Singer songwriter Bernice Lewis, left, performs with the Ladies Auxiliary Ukulele Orchestra. Lewis champions the ukulele, which comes in many shapes and
Singer songwriter Bernice Lewis, left, performs with the Ladies Auxiliary Ukulele Orchestra. Lewis champions the ukulele, which comes in many shapes and sizes. (Eagle file)

WILLIAMSTOWN -- Bernice Lewis has been performing in local clubs since she moved to the Berkshires, about 28 years ago. A Boston native, she has had a varied career that now includes heading up the Ladies Auxiliary Ukulele Orchestra and helping organize the annual Sheep Hill Ukulele Festival, as well as performing solo.

In a recent interview, Lewis talked about her career and her roots and gave a very cogent reason for her love of ukuleles.

Q: Okay, so what's the deal with ukuleles?

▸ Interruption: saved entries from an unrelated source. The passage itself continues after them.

Lemma exists_opposite_flag p M0 y A a N :
  I p M0 -> I y M0 -> y != p -> I p A -> A != M0 -> I a A -> a != p ->
  I y N -> N != M0 ->
  exists x l, [/\ I x N, I a l, I x l, ~~ collinear I x p & ~~ collinear (dual I) l M0].
Proof.
move=> pM0 yM0 yp pA AM0 aA ap yN NM0.
have ya : ~~ collinear I y a.
  by apply: (not_collinear_pencil gqI pM0 pA) => //; rewrite eq_sym.
have aN : ~~ I a N by apply: contraNN ya => aN; apply: collinearP yN aN.
have [x [l [al xl xN]]] := gq_exists_proj gqI aN.
have pN : ~~ I p N.
  apply: contraNN yp => pN.
  by case: (gq_unique_line gqI yM0 pM0 yN pN) => [->//|M0N]; rewrite M0N eqxx in NM0.
have xy : x != y by apply: contraNneq ya => xy; subst x; apply: collinearP xl al.
have xp : ~~ collinear I x p := not_collinear_off gqI pM0 yM0 yN pN xN xy.
have aM0 : ~~ I a M0 by apply: contraNN ya => aM0; apply: collinearP yM0 aM0.
have lA : l != A by apply: contraNneq xp => lA; subst l; apply: collinearP xl pA.
by exists x, l; split=> //; apply: (not_collinear_off gqD pM0 pA aA aM0 al lA).
Qed.

Section Octagon.
Variables (p : P) (M0 : L) (y : P) (A : L) (a a' : P) (N N' : L).
Hypotheses (pM0 : I p M0) (yM0 : I y M0) (yp : y != p).
Hypotheses (pA : I p A) (AM0 : A != M0) (aA : I a A) (a'A : I a' A) (aa' : a != a').
Hypotheses (yN : I y N) (yN' : I y N') (NN' : N != N').
Variables (x1 x3 : P) (l1 l3 : L).
Hypotheses (x1N : I x1 N) (al1 : I a l1) (x1l1 : I x1 l1).
Hypotheses (x1p : ~~ collinear I x1 p) (l1M0 : ~~ collinear (dual I) l1 M0).
Hypotheses (x3N' : I x3 N') (a'l3 : I a' l3) (x3l3 : I x3 l3).
Hypotheses (x3p : ~~ collinear I x3 p) (l3M0 : ~~ collinear (dual I) l3 M0).

Lemma flags_not_collinear : ~~ collinear I x1 x3 /\ ~~ collinear (dual I) l1 l3.
Proof.
have yp' : collinear I y p := collinearP yM0 pM0.
have AM0' : collinear (dual I) A M0 := collinearP (I := dual I) pA pM0.
split.
  apply: (not_collinear_pencil gqI yN yN' NN' x1N x3N').
    by apply: contraNneq x1p => ->.
  by apply: contraNneq x3p => ->.
apply: (not_collinear_pencil gqD aA a'A aa' al1 a'l3).
  by apply: contraNneq l1M0 => ->.
by apply: contraNneq l3M0 => ->.
Qed.

Section Completion.
Variables (x2 x4 : P) (l2 l4 : L).
Hypotheses (x3l2 : I x3 l2) (x2l2 : I x2 l2) (x2l1 : I x2 l1).
Hypotheses (x1l4 : I x1 l4) (x4l4 : I x4 l4) (x4l3 : I x4 l3).

Lemma octagon_opposite :
  [/\ ~~ collinear I x2 p, ~~ collinear I x4 p,
      ~~ collinear (dual I) l2 M0 & ~~ collinear (dual I) l4 M0].
Proof.
have pl1 : ~~ I p l1.
  by apply: contraNN l1M0 => pl1; apply: (collinearP (I := dual I)) pl1 pM0.
have pl3 : ~~ I p l3.
  by apply: contraNN l3M0 => pl3; apply: (collinearP (I := dual I)) pl3 pM0.
have x1M0 : ~~ I x1 M0 by apply: contraNN x1p => x1M0; apply: collinearP x1M0 pM0.
have x3M0 : ~~ I x3 M0 by apply: contraNN x3p => x3M0; apply: collinearP x3M0 pM0.
have a'a : a' != a by rewrite eq_sym.
have N'N : N' != N by rewrite eq_sym.
split.
- exact: (not_collinear_corner gqI pA aA a'A aa' pl1 al1 a'l3 x3l3 x3p x2l1 x2l2 x3l2).
- exact: (not_collinear_corner gqI pA a'A aA a'a pl3 a'l3 al1 x1l1 x1p x4l3 x4l4 x1l4).
- exact: (not_collinear_corner gqD yM0 yN' yN N'N x3M0 x3N' x1N x1l1 l1M0 x3l2 x2l2 x2l1).
- exact: (not_collinear_corner gqD yM0 yN yN' NN' x1M0 x1N x3N' x3l3 l3M0 x1l4 x4l4 x4l3).
Qed.

(* [x1] and [x3] both project onto [y] and [l1], [l3] onto [A], hence three
   projections on each side. *)
Lemma octagon_in_shadow :
  exists (Y : {set P}) (Z : {set L}),
  [/\ Y \subset [set y | I y M0] :\ p, Z \subset [set K | I p K] :\ M0,
      #|Y| <= 3, #|Z| <= 3 &
      all (mem (shadow_vertices I p M0 Y Z)) (octagon x1 x2 x3 x4 l1 l2 l3 l4)].
Proof.
have [x2p x4p l2M0 l4M0] := octagon_opposite.
have [f2 f2M0 x2S] := opposite_in_shadow gqI pM0 x2p.
have [f4 f4M0 x4S] := opposite_in_shadow gqI pM0 x4p.
have [B2 B2p l2S] := opposite_in_shadow gqD pM0 l2M0.
have [B4 B4p l4S] := opposite_in_shadow gqD pM0 l4M0.
have x1S : x1 \in shadow I M0 [set y].
  rewrite in_shadow1 (collinearP x1N yN) andbT.
  by apply: contraNN x1p => x1M0; apply: collinearP x1M0 pM0.
have x3S : x3 \in shadow I M0 [set y].
  rewrite in_shadow1 (collinearP x3N' yN') andbT.
  by apply: contraNN x3p => x3M0; apply: collinearP x3M0 pM0.
have l1S : l1 \in shadow (dual I) p [set A].
  rewrite in_shadow1 (collinearP (I := dual I) al1 aA) andbT.
  by apply: contraNN l1M0 => pl1; apply: (collinearP (I := dual I)) pl1 pM0.
have l3S : l3 \in shadow (dual I) p [set A].
  rewrite in_shadow1 (collinearP (I := dual I) a'l3 a'A) andbT.
  by apply: contraNN l3M0 => pl3; apply: (collinearP (I := dual I)) pl3 pM0.
pose Y := [set u in [:: y; f2; f4]]; pose Z := [set K in [:: A; B2; B4]].
have shY f x : f \in Y -> x \in shadow I M0 [set f] -> x \in shadow I M0 Y.
  by move=> fY; apply/subsetP/shadowS; rewrite sub1set.
have shZ B l : B \in Z -> l \in shadow (dual I) p [set B] -> l \in shadow (dual I) p Z.
  by move=> BZ; apply/subsetP/shadowS; rewrite sub1set.
have [yY f2Y f4Y] : [/\ y \in Y, f2 \in Y & f4 \in Y] by rewrite !inE !eqxx !orbT.
have [AZ B2Z B4Z] : [/\ A \in Z, B2 \in Z & B4 \in Z] by rewrite !inE !eqxx !orbT.
exists Y, Z; split; try by rewrite cardsE card_size.
- have yM0p : y \in [set y | I y M0] :\ p by rewrite !inE yp.
  by apply/subsetP => u; rewrite inE !in_cons in_nil orbF => /or3P [] /eqP ->.
- have ApM0 : A \in [set K | I p K] :\ M0 by rewrite !inE AM0.
  by apply/subsetP => K; rewrite inE !in_cons in_nil orbF => /or3P [] /eqP ->.
rewrite /= /shadow_vertices !inl_sum_set !inr_sum_set.
rewrite (shY _ _ yY x1S) (shY _ _ f2Y x2S) (shY _ _ yY x3S) (shY _ _ f4Y x4S).
by rewrite (shZ _ _ AZ l1S) (shZ _ _ B2Z l2S) (shZ _ _ AZ l3S) (shZ _ _ B4Z l4S).
Qed.

End Completion.

Lemma octagon_of_flags :
  exists (Y : {set P}) (Z : {set L}) (c : seq (P + L)),
  [/\ Y \subset [set y | I y M0] :\ p, Z \subset [set K | I p K] :\ M0,
      #|Y| <= 3, #|Z| <= 3 &
      [/\ size c = 8, uniq c, cycle (levi_rel I) c &
          all (mem (shadow_vertices I p M0 Y Z)) c]].
Proof.
have [x13 l13] := flags_not_collinear.
have x3l1 : ~~ I x3 l1 by apply: contraNN x13 => x3l1; apply: collinearP x1l1 x3l1.
have x1l3 : ~~ I x1 l3 by apply: contraNN x13 => x1l3; apply: collinearP x1l3 x3l3.
have [x2 [l2 [x3l2 x2l2 x2l1]]] := gq_exists_proj gqI x3l1.
have [x4 [l4 [x1l4 x4l4 x4l3]]] := gq_exists_proj gqI x1l3.
have [Y [Z [YM0 Zp cY cZ inS]]] := octagon_in_shadow x3l2 x2l2 x2l1 x1l4 x4l4 x4l3.
have /andP [uc cc] := octagon_cycle x13 l13 x1l1 x2l1 x2l2 x3l2 x3l3 x4l3 x4l4 x1l4.
by exists Y, Z, (octagon x1 x2 x3 x4 l1 l2 l3 l4).
Qed.

End Octagon.

Lemma exists_octagon_in_shadow p M0 : 1 < s -> 1 < t -> I p M0 ->
  exists (Y : {set P}) (Z : {set L}) (c : seq (P + L)),
  [/\ Y \subset [set y | I y M0] :\ p, Z \subset [set K | I p K] :\ M0,
      #|Y| <= 3, #|Z| <= 3 &
      [/\ size c = 8, uniq c, cycle (levi_rel I) c &
          all (mem (shadow_vertices I p M0 Y Z)) c]].
Proof.
move=> s1 t1 pM0; case: (gqI) => card_l card_x _ _ _.
have [|y] := @exists_fresh _ [set y | I y M0] [:: p]; first by rewrite card_l /=; lia.
rewrite inE mem_seq1 => yM0 yp.
have [|A] := @exists_fresh _ [set K | I p K] [:: M0]; first by rewrite card_x /=; lia.
rewrite inE mem_seq1 => pA AM0.
have [|a] := @exists_fresh _ [set x | I x A] [:: p]; first by rewrite card_l /=; lia.
rewrite inE mem_seq1 => aA ap.
have [|a'] := @exists_fresh _ [set x | I x A] [:: a; p]; first by rewrite card_l /=; lia.
rewrite !inE negb_or eq_sym => a'A /andP [aa' a'p].
have [|N] := @exists_fresh _ [set K | I y K] [:: M0]; first by rewrite card_x /=; lia.
rewrite inE mem_seq1 => yN NM0.
have [|N'] := @exists_fresh _ [set K | I y K] [:: N; M0]; first by rewrite card_x /=; lia.
rewrite !inE negb_or eq_sym => yN' /andP [NN' N'M0].
have [x1 [l1 [x1N al1 x1l1 x1p l1M0]]] :=
  exists_opposite_flag pM0 yM0 yp pA AM0 aA ap yN NM0.
have [x3 [l3 [x3N' a'l3 x3l3 x3p l3M0]]] :=
  exists_opposite_flag pM0 yM0 yp pA AM0 a'A a'p yN' N'M0.
exact: (octagon_of_flags pM0 yM0 yp pA AM0 aA a'A aa' yN yN' NN'
  x1N al1 x1l1 x1p l1M0 x3N' a'l3 x3l3 x3p l3M0).
Qed.

Lemma card_shadow_vertices p M0 (Y : {set P}) (Z : {set L}) :
  Y \subset [set y | I y M0] -> Z \subset [set K | I p K] ->
  #|shadow_vertices I p M0 Y Z| = (#|Y| + #|Z|) * s * t.
Proof.
move=> YM0 Zp; rewrite card_sum_set (card_shadow gqI YM0) (card_shadow gqD Zp).
by rewrite [t * s]mulnC !mulnDl !mulnA.
Qed.

Lemma shadow_graph_biregular p M0 (Y : {set P}) (Z : {set L}) (c : seq (P + L)) :
  let S := shadow_vertices I p M0 Y Z in
  (forall k, k < 8 -> ~ has_cycle_len (levi_rel I) k) -> I p M0 ->
  Y \subset [set y | I y M0] :\ p -> Z \subset [set K | I p K] :\ M0 ->
  2 <= #|Y| -> 2 <= #|Z| ->
  [/\ size c = 8, uniq c, cycle (levi_rel I) c & all (mem S) c] ->
  bipartite_biregular (induced (levi_rel I) S) (fun v => is_line (val v)) #|Y| #|Z| 8.
Proof.
move=> S no_short_cycle pM0 YM0p ZpM0 Y2 Z2 [c8 uc cc cS].
have YM0 := subset_trans YM0p (subD1set _ _); have Zp := subset_trans ZpM0 (subD1set _ _).
split.
- by rewrite Y2 Z2.
- exact/induced_simple/levi_simple.
- by move=> u v; apply: levi_bipartite.
- case=> [[x|l] vS]; split=> // _; rewrite degree_induced.
  + have := vS; rewrite /S /shadow_vertices inl_sum_set => xS.
    rewrite card_levi_nbr_inl.
    exact: (card_shadow_through gqI Zp (shadow_opposite gqI pM0 YM0p xS)).
  + have := vS; rewrite /S /shadow_vertices inr_sum_set => lS.
    rewrite card_levi_nbr_inr.
    exact: (card_shadow_through gqD YM0 (shadow_opposite gqD pM0 ZpM0 lS)).
- by apply: (girth_eq_induced (c := c) no_short_cycle); split.
Qed.

Lemma exists_biregular_shadow_graph m1 n1 :
  (forall k, k < 8 -> ~ has_cycle_len (levi_rel I) k) ->
  3 <= m1 <= s -> 3 <= n1 <= t -> (exists p M0, I p M0) ->
  exists S : {set P + L},
    bipartite_biregular (induced (levi_rel I) S) (fun v => is_line (val v)) m1 n1 8 /\
    #|S| = (m1 + n1) * s * t.
Proof.
move=> no_short_cycle /andP [m13 m1s] /andP [n13 n1t] [p [M0 pM0]].
have s1 : 1 < s by lia.
have t1 : 1 < t by lia.
have [Y0 [Z0 [c [Y0M0 Z0p cY0 cZ0 [c8 uc cc cS0]]]]] := exists_octagon_in_shadow s1 t1 pM0.
have [|Y [Y0Y YM0 cY]] := exists_set_between (k := m1) Y0M0.
  by rewrite (card_line_setD1 gqI pM0); lia.
have [|Z [Z0Z ZpM0 cZ]] := exists_set_between (k := n1) Z0p.
  by have := card_line_setD1 gqD pM0; rewrite /dual => ->; lia.
have cS : all (mem (shadow_vertices I p M0 Y Z)) c.
  apply/allP => v /(allP cS0); apply/subsetP.
  exact: sum_setS (shadowS I M0 Y0Y) (shadowS (dual I) p Z0Z).
exists (shadow_vertices I p M0 Y Z); rewrite -cY -cZ; split.
  apply: (shadow_graph_biregular (c := c) no_short_cycle pM0 YM0 ZpM0) => //.
  - by rewrite cY; lia.
  - by rewrite cZ; lia.
rewrite card_shadow_vertices //.
  exact: subset_trans YM0 (subD1set _ _).
exact: subset_trans ZpM0 (subD1set _ _).
Qed.

End ShadowGraph.

Section GQOrder.
Variables (P L : finType) (I : P -> L -> bool) (s t : nat).
Hypothesis gqo : is_GQ_order I s t.

Lemma gq_order_girth : forall k, k < 8 -> ~ has_cycle_len (levi_rel I) k.
Proof. by case: gqo => -[_ _ []]. Qed.

Lemma gq_axioms_of_order : gq_axioms I s t.
Proof.
case: gqo => -[_ [diam _] _] card_l card_x; split=> //.
- exact: levi_unique_line gq_order_girth.
- exact: levi_exists_proj diam.
- exact: levi_unique_proj gq_order_girth.
Qed.

Lemma gq_order_exists_flag : exists p M, I p M.
Proof.
case: gqo => -[_ [_ [[p|M] _]] _] card_l card_x.
- have /card_gt0P [M] : 0 < #|[set M | I p M]| by rewrite card_x.
  by rewrite inE => pM; exists p, M.
- have /card_gt0P [p] : 0 < #|[set p | I p M]| by rewrite card_l.
  by rewrite inE => pM; exists p, M.
Qed.

End GQOrder.

Unset Implicit Arguments.

Theorem mainTheorem5 (m n : nat) :
  4 <= m <= n ->
  (exists (P L : finType) (I : P -> L -> bool), is_GQ_order I m n) ->
  forall m1 n1 : nat, 3 <= m1 <= m -> m1 <= n1 -> n1 <= n ->
  exists (T : finType) (e : rel T) (c : T -> bool),
    bipartite_biregular e c m1 n1 8 /\ #|T| = ((m1 + n1) * m * n)%N.
Proof.
move=> _ [P [L [I gqo]]] m1 n1 /andP [m13 m1m] m1n1 n1n.
have [||S [S_biregular cardS]] := exists_biregular_shadow_graph (m1 := m1) (n1 := n1)
  (gq_axioms_of_order gqo) (gq_order_girth gqo) _ _ (gq_order_exists_flag gqo).
- by rewrite m13 m1m.
- by apply/andP; split; lia.
exists _, (induced (levi_rel I) S), (fun v => is_line (val v)).
by split; last rewrite card_induced cardS.
Qed.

A: Most instruments were invented for male bodies. I'm not a large person. I'm only 5-2. When I pick up a bass guitar, or an electric guitar or even an acoustic guitar, it's heavy! It puts a lot of pressure on your left side. When I pick up a ukulele, it fits my body perfectly. It doesn't make a big sound, but it's easier for me to play.

Q: Fair enough. Let's roll back to the early days. When did you first pick up a guitar?

A: I had a guitar when I was 12 years old. Unfortunately, it was stolen. I didn't get another one until I was in my 20s. But I was always singing, and I always enjoyed music. When I was in eighth grade, I tried out for a supporting singer in Carmen. And I was given the lead.

Q: What accounted for the gap?

A: My parents wanted me to do something practical. They weren't into music. My mother always used to say, ‘Bernice, nice Jewish girls don't sing.


' But then I thought, ‘So what about Barbra Streisand?'

Q: But eventually you did get another guitar.

A: Yes. I was in my 20s, teaching, and I got an acoustic guitar. I'd finish grading papers and begin playing. I knew almost immediately I wanted to perform.

Q: You arrived in the Berkshires with your husband in 1985. Where did you first start performing locally?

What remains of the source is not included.